-- Task description --
Quote the entries below from the line with "Lemma h2_polar_dist_identity a1" through the line with "c1) * / (b2 - a2 * c2))", both ends included, and only those lines.

-- Dataset records --

********************

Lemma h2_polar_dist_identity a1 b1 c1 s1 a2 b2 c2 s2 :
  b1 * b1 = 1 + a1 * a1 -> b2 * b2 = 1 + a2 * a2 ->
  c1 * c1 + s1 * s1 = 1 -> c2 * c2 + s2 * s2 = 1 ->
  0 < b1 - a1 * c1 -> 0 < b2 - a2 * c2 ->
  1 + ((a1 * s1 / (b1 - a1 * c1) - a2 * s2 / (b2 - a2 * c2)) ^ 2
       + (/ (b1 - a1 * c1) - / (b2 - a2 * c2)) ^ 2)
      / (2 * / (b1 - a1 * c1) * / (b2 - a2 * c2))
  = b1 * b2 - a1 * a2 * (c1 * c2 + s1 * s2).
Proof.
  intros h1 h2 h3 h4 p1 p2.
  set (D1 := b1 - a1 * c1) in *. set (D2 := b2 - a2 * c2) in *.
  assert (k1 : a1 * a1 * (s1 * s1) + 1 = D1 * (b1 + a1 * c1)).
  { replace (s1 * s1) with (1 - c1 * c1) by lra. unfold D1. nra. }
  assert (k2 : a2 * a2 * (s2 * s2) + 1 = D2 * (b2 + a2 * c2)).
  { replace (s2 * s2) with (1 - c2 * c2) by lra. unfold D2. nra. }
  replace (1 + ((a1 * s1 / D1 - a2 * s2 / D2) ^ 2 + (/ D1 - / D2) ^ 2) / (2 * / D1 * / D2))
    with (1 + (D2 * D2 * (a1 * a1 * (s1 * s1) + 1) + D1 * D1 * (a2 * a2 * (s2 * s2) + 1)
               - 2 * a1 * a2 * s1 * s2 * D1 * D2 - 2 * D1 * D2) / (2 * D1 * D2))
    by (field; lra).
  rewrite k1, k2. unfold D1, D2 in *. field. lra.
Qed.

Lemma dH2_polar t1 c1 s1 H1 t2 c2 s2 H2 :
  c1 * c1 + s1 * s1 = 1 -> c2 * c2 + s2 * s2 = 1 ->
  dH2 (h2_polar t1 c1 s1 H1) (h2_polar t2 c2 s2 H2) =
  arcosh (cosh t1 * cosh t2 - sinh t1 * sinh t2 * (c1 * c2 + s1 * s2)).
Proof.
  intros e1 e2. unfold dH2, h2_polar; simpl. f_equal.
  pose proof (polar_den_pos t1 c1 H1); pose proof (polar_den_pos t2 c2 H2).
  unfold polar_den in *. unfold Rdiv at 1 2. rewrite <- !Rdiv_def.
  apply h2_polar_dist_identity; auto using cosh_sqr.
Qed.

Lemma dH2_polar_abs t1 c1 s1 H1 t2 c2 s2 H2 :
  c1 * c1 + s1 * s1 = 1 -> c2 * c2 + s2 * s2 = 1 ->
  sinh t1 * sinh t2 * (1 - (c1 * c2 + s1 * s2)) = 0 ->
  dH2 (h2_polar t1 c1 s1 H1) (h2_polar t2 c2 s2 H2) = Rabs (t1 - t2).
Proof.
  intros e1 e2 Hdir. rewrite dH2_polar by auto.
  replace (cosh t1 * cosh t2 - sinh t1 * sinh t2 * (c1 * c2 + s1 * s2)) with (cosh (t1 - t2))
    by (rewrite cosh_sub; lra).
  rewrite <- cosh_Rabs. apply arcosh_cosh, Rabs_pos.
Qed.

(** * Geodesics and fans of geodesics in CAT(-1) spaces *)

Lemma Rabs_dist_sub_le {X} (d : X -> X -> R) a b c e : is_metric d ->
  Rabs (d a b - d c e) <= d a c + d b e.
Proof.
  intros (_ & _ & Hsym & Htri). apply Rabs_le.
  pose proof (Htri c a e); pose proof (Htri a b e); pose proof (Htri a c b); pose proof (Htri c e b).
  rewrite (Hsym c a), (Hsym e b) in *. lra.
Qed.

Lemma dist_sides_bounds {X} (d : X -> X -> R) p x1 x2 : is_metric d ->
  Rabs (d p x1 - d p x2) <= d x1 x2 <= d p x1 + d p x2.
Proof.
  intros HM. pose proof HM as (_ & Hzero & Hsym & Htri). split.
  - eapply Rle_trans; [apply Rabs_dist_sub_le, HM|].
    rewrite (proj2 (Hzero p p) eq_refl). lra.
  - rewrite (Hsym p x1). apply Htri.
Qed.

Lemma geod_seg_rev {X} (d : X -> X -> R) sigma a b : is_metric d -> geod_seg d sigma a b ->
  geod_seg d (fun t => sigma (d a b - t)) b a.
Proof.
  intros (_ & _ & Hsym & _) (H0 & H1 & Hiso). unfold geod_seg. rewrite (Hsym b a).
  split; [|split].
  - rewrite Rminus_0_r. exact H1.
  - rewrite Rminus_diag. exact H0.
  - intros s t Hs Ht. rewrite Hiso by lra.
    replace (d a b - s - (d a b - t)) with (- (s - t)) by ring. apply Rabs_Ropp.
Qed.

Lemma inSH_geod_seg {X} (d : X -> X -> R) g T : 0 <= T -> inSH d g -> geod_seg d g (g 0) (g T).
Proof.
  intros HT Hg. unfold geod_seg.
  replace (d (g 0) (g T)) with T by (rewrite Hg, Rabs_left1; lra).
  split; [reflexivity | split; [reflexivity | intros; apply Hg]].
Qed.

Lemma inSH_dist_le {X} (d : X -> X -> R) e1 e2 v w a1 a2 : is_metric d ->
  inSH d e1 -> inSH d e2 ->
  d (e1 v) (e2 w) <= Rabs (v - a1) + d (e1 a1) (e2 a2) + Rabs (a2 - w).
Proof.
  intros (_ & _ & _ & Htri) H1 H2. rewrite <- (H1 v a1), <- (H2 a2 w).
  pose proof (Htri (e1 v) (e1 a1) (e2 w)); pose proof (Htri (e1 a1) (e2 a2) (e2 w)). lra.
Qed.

********************

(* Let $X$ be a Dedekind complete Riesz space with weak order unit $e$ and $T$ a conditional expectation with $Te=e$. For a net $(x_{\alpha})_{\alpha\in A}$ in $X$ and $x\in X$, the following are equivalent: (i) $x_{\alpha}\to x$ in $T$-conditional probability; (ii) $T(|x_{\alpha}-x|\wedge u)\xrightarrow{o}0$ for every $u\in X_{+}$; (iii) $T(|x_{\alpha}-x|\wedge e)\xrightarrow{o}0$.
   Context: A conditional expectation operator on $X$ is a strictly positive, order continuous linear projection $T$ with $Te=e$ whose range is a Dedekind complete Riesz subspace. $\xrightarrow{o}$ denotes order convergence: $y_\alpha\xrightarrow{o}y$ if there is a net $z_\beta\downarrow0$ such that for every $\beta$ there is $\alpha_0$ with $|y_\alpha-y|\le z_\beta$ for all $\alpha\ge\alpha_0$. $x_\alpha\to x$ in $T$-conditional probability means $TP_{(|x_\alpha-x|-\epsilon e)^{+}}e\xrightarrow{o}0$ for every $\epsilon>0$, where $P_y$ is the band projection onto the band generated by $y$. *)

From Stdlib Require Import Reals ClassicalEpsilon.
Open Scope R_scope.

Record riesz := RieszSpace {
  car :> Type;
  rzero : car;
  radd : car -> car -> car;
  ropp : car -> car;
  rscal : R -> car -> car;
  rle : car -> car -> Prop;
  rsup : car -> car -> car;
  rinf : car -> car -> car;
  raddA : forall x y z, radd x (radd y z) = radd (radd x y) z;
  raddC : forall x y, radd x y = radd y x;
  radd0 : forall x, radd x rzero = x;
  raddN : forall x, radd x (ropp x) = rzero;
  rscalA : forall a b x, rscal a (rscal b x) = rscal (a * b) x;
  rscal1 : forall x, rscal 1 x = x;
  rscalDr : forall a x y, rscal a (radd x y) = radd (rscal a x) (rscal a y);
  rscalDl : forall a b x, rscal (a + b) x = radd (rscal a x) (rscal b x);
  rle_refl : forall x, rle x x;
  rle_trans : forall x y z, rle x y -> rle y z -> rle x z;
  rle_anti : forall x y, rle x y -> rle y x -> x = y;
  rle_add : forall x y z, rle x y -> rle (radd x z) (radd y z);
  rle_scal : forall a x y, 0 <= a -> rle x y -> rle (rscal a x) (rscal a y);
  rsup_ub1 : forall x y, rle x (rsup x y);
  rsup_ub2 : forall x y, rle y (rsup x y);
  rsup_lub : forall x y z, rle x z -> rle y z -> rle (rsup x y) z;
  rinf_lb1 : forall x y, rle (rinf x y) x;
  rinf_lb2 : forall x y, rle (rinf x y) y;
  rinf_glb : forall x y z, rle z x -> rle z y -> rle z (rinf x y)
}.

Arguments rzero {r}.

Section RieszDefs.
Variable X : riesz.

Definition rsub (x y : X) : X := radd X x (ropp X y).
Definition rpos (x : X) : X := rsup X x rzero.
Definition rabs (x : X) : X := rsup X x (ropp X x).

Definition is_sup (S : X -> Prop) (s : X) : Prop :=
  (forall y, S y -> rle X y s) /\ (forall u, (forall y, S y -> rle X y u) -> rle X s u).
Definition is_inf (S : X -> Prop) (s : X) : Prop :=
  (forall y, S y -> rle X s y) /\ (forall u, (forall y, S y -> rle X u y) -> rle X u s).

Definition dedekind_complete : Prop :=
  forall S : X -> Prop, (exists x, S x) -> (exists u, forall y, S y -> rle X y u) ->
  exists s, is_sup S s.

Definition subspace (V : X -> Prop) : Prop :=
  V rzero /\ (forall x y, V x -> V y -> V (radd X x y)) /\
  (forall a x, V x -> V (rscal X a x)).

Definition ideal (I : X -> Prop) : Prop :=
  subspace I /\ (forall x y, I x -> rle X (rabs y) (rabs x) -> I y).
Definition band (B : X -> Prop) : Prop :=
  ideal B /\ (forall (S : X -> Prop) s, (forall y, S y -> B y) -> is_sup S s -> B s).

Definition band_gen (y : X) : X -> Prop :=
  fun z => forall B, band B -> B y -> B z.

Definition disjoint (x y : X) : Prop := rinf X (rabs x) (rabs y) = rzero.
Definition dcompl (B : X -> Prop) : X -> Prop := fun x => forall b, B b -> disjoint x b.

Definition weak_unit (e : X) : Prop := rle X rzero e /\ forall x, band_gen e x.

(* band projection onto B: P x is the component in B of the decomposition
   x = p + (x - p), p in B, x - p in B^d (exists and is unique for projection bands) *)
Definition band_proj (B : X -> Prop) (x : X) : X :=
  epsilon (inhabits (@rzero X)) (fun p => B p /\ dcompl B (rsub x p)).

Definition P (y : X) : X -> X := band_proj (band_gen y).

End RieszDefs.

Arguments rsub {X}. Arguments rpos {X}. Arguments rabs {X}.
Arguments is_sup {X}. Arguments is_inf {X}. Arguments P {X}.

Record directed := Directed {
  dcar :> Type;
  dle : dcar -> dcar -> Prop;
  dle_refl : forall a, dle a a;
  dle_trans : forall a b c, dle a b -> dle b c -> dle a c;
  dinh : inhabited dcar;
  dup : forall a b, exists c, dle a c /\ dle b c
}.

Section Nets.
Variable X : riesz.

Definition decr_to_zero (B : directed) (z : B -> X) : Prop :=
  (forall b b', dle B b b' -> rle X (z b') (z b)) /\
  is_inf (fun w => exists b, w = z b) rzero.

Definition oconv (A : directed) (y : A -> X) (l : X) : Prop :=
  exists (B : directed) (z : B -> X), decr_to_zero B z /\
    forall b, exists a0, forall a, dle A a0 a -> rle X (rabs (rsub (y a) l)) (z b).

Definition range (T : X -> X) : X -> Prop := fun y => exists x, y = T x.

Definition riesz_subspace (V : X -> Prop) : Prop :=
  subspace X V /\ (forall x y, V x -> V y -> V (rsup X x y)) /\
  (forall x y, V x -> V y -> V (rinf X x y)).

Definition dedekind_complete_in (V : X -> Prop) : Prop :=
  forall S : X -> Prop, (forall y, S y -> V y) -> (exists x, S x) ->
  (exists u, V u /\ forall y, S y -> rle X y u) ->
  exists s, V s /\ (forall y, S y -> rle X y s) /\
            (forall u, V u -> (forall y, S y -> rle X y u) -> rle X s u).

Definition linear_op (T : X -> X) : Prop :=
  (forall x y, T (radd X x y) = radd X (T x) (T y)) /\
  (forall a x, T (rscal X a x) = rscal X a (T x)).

********************

-- Task output --
Lemma h2_polar_dist_identity a1 b1 c1 s1 a2 b2 c2 s2 :
  b1 * b1 = 1 + a1 * a1 -> b2 * b2 = 1 + a2 * a2 ->
  c1 * c1 + s1 * s1 = 1 -> c2 * c2 + s2 * s2 = 1 ->
  0 < b1 - a1 * c1 -> 0 < b2 - a2 * c2 ->
  1 + ((a1 * s1 / (b1 - a1 * c1) - a2 * s2 / (b2 - a2 * c2)) ^ 2
       + (/ (b1 - a1 * c1) - / (b2 - a2 * c2)) ^ 2)
      / (2 * / (b1 - a1 * c1) * / (b2 - a2 * c2))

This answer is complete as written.